___ SUPPLIED DATA ___

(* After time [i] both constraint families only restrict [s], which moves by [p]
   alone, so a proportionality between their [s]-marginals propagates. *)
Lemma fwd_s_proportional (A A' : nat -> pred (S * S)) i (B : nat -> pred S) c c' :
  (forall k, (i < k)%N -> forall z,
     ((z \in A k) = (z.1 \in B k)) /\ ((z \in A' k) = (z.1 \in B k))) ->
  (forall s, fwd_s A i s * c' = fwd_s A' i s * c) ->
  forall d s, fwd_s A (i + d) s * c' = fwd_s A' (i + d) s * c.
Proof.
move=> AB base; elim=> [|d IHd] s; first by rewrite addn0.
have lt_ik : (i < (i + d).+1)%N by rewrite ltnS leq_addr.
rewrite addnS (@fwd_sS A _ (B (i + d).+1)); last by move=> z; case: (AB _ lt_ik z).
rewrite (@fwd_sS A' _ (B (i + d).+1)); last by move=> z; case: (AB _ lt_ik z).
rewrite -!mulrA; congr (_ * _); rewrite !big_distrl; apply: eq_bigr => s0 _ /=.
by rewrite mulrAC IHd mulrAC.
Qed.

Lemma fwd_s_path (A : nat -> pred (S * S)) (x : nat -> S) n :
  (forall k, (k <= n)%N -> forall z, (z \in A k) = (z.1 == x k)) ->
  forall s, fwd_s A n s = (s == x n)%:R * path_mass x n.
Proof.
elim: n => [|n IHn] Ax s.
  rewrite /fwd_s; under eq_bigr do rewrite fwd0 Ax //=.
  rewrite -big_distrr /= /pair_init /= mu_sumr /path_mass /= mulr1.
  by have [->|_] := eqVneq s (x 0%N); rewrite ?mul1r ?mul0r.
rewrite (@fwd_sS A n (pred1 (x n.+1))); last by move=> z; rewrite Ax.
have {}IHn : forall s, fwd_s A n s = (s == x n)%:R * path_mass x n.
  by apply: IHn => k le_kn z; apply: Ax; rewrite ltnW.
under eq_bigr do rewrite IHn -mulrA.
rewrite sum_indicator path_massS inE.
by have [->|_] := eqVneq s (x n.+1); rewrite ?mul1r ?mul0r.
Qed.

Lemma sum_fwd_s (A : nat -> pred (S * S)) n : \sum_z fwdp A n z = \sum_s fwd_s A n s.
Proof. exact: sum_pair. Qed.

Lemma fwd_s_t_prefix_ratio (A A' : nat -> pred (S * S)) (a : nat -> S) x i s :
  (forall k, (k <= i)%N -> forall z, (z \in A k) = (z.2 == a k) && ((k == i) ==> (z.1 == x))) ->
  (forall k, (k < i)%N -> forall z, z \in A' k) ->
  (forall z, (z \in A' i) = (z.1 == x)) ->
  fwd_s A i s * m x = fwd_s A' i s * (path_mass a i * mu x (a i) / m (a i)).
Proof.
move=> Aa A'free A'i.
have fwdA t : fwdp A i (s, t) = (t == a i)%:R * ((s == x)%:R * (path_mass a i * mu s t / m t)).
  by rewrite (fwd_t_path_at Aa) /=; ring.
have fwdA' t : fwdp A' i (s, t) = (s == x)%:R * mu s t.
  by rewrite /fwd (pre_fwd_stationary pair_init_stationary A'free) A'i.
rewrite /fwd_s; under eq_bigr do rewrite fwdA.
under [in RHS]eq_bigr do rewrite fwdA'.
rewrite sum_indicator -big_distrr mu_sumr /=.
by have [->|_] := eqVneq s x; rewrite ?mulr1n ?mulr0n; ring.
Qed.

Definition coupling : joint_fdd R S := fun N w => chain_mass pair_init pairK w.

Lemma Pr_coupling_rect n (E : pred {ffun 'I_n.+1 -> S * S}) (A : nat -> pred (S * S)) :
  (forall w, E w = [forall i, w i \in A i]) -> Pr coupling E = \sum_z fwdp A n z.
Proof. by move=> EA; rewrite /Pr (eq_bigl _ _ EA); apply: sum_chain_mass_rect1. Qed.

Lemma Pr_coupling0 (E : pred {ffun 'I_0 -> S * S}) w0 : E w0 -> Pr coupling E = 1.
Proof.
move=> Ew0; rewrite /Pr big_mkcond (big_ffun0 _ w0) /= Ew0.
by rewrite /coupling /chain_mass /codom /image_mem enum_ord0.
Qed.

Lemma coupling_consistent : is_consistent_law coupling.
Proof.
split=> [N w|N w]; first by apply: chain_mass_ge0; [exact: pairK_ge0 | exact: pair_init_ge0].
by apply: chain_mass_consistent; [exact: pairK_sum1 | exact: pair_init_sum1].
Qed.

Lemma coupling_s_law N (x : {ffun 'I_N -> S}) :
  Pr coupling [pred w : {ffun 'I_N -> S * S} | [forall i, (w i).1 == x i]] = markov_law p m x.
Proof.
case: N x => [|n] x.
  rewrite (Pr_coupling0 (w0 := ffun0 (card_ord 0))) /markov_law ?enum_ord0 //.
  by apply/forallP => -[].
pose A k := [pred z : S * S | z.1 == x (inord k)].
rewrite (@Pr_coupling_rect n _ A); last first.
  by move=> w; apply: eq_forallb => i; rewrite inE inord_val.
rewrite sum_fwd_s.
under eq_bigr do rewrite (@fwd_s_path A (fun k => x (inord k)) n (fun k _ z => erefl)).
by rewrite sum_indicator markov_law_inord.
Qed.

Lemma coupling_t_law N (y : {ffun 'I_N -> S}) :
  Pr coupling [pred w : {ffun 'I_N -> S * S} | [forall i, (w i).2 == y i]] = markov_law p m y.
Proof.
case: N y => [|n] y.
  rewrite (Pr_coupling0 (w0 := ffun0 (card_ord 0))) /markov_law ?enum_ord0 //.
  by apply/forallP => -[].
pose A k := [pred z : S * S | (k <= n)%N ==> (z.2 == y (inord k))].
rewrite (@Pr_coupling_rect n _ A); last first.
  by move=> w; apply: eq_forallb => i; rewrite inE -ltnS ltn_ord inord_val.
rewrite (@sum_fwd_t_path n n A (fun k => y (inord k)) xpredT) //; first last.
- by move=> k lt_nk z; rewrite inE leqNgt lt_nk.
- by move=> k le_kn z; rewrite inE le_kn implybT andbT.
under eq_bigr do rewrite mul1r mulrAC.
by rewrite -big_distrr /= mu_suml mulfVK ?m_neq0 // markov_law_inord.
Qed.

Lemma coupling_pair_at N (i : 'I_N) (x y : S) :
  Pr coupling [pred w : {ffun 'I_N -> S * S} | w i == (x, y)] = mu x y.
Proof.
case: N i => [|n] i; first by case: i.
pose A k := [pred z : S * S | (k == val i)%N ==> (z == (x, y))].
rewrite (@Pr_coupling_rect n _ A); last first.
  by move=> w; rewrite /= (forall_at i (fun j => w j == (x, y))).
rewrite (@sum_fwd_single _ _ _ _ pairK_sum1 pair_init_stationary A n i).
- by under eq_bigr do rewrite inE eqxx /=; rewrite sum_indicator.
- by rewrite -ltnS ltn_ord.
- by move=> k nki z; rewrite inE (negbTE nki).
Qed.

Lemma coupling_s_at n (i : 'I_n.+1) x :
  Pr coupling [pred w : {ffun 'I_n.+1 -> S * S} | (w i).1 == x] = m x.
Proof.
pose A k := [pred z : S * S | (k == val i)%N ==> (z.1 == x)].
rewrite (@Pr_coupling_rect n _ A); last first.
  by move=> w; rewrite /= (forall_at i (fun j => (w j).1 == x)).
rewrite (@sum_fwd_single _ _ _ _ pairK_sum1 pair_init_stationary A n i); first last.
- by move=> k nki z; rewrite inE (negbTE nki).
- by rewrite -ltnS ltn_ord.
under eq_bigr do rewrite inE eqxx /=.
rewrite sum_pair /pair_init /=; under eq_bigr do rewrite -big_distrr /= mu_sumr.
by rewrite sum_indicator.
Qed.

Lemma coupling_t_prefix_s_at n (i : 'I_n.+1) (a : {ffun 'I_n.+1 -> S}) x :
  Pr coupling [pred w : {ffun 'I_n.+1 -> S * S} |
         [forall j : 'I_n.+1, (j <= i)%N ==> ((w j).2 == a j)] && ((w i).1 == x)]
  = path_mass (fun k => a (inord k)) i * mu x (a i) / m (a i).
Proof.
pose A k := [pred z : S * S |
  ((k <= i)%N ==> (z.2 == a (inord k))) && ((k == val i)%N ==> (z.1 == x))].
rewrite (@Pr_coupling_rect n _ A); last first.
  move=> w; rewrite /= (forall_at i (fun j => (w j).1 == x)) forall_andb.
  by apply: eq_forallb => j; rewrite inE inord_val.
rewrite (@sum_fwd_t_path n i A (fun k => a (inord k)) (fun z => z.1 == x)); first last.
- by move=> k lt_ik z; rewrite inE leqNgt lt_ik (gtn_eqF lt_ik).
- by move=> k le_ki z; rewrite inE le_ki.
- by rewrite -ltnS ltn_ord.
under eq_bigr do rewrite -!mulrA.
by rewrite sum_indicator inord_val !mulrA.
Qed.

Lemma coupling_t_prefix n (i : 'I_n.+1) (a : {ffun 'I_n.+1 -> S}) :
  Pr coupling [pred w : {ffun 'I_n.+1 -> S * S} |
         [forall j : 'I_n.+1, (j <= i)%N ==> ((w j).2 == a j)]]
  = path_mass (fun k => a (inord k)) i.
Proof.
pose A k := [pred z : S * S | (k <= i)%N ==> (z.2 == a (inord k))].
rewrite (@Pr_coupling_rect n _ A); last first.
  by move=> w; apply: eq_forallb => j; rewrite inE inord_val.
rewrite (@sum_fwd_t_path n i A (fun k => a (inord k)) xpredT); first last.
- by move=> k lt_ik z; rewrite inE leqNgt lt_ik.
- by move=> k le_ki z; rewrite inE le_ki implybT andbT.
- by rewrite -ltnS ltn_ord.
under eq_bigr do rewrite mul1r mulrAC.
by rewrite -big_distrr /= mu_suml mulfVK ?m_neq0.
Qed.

___
___ SUPPLIED DATA ___

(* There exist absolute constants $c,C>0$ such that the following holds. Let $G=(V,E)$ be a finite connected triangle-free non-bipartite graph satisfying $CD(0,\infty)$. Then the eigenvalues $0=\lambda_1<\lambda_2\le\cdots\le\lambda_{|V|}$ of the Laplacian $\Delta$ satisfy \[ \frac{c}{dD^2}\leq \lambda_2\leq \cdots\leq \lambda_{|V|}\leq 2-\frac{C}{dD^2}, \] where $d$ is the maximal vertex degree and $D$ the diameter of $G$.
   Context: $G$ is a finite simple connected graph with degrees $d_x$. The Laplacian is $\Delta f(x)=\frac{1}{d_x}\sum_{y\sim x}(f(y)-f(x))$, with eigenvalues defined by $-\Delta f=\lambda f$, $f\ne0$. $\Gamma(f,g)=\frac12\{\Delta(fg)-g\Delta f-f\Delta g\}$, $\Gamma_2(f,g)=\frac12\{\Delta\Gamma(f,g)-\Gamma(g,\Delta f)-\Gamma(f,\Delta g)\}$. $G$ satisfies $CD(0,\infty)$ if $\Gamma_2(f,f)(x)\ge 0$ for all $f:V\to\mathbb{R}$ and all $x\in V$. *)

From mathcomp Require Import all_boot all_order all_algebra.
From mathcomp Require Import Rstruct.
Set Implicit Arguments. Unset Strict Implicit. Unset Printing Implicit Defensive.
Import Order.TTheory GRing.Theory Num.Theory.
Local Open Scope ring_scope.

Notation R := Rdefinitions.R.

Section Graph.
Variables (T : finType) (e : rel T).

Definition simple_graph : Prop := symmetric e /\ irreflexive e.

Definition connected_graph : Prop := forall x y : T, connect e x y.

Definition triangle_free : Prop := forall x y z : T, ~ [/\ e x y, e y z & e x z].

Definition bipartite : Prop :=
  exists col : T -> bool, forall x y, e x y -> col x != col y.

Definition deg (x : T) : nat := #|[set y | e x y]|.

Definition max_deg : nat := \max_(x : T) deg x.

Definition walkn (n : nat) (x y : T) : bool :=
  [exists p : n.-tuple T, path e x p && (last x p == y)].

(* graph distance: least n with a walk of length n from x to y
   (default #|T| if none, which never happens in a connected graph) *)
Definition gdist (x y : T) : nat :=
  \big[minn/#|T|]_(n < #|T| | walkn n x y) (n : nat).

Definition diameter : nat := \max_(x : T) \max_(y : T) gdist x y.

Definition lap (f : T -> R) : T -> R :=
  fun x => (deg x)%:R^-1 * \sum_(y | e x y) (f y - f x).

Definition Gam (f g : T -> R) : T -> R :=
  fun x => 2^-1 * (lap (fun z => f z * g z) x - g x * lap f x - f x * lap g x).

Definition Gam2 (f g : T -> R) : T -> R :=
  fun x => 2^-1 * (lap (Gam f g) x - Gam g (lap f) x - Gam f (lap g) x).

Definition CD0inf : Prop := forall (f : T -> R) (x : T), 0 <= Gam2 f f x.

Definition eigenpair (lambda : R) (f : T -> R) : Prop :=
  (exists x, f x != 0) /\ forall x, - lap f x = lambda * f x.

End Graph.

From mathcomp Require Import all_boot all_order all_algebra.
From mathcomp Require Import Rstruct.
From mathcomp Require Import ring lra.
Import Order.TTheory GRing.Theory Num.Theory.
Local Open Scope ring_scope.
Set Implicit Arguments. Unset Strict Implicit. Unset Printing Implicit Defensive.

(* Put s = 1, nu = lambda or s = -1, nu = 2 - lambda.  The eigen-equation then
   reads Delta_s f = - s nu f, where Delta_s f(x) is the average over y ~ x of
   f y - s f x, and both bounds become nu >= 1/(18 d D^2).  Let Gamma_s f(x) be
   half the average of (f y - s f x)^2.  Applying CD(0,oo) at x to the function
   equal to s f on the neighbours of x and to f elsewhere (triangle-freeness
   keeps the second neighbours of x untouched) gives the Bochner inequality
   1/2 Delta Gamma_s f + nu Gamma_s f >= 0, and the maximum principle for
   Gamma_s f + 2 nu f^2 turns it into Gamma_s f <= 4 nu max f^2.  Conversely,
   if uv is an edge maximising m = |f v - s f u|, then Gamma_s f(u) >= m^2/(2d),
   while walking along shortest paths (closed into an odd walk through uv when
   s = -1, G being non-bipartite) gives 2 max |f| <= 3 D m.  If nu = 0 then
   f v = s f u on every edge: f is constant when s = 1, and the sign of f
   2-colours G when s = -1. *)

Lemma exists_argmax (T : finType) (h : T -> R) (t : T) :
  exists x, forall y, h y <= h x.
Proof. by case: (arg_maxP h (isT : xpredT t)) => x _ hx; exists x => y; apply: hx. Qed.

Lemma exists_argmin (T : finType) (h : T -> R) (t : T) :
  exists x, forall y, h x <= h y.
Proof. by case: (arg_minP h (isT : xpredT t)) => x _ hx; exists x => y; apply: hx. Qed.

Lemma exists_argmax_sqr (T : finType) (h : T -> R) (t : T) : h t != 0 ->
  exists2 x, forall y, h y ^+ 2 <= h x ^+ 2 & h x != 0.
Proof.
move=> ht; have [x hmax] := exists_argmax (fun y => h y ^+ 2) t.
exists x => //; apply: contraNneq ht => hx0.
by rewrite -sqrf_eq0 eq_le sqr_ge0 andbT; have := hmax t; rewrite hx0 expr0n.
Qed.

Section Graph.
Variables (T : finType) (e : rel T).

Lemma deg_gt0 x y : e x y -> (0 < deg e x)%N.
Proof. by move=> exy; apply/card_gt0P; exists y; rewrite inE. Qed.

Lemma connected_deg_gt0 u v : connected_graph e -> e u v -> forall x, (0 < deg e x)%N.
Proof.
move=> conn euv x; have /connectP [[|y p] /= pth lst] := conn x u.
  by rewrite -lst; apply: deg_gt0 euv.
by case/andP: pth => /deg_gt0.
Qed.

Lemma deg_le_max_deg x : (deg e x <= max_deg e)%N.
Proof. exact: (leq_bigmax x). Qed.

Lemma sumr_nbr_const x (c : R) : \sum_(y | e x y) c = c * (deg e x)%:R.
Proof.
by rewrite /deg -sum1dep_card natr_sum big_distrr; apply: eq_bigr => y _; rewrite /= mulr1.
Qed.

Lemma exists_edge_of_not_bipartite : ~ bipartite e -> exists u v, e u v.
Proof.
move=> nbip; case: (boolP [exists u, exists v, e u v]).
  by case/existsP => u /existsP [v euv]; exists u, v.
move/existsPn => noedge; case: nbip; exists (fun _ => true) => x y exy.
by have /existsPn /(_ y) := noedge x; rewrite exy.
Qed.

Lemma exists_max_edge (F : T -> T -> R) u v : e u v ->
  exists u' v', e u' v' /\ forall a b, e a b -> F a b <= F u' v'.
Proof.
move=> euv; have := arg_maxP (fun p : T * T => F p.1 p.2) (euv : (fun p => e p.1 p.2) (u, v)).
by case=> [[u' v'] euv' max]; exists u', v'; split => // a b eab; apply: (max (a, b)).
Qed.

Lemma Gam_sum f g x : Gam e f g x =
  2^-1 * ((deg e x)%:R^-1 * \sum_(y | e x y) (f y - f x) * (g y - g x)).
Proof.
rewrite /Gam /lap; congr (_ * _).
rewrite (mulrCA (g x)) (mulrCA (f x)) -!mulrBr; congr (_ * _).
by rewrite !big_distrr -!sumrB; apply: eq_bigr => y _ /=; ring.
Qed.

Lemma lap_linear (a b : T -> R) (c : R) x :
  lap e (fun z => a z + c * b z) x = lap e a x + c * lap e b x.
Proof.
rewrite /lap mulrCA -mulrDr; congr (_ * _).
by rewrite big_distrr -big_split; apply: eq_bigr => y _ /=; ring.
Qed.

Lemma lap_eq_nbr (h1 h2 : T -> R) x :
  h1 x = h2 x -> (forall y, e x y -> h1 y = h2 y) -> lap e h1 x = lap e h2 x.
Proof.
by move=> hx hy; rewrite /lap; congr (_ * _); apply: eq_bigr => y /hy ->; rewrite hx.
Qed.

___
___ SUPPLIED DATA ___

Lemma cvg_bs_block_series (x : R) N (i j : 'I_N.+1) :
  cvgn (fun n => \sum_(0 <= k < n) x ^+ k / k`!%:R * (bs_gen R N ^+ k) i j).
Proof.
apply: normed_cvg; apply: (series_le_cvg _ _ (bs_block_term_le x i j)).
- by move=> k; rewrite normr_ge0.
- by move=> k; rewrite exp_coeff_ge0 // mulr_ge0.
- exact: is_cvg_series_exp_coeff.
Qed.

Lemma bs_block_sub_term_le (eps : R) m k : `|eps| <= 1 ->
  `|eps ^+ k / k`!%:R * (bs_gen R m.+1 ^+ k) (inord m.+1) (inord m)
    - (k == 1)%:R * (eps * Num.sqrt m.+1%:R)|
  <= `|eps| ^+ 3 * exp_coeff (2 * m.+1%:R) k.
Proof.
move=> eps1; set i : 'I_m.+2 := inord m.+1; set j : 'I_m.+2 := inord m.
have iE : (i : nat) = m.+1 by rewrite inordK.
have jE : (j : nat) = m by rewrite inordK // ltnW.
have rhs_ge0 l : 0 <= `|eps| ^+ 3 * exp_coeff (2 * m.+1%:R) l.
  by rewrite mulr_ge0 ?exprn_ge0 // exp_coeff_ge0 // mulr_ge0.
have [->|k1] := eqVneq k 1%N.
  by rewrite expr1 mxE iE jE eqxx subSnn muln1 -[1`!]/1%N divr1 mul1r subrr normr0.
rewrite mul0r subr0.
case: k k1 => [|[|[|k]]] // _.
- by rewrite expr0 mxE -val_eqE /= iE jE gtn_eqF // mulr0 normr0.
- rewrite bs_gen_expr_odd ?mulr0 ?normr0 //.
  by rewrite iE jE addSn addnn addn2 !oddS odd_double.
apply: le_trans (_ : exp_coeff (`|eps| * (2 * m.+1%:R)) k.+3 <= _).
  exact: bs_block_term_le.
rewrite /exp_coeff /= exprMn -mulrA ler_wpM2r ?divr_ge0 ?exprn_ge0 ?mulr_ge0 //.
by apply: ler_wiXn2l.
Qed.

___

• [TASK GOAL]:
Wherever the string "eigenvalues" is found in the entries, copy the line it sits in.

• [RESULT]:
(* There exist absolute constants $c,C>0$ such that the following holds. Let $G=(V,E)$ be a finite connected triangle-free non-bipartite graph satisfying $CD(0,\infty)$. Then the eigenvalues $0=\lambda_1<\lambda_2\le\cdots\le\lambda_{|V|}$ of the Laplacian $\Delta$ satisfy \[ \frac{c}{dD^2}\leq \lambda_2\leq \cdots\leq \lambda_{|V|}\leq 2-\frac{C}{dD^2}, \] where $d$ is the maximal vertex degree and $D$ the diameter of $G$.
   Context: $G$ is a finite simple connected graph with degrees $d_x$. The Laplacian is $\Delta f(x)=\frac{1}{d_x}\sum_{y\sim x}(f(y)-f(x))$, with eigenvalues defined by $-\Delta f=\lambda f$, $f\ne0$. $\Gamma(f,g)=\frac12\{\Delta(fg)-g\Delta f-f\Delta g\}$, $\Gamma_2(f,g)=\frac12\{\Delta\Gamma(f,g)-\Gamma(g,\Delta f)-\Gamma(f,\Delta g)\}$. $G$ satisfies $CD(0,\infty)$ if $\Gamma_2(f,f)(x)\ge 0$ for all $f:V\to\mathbb{R}$ and all $x\in V$. *)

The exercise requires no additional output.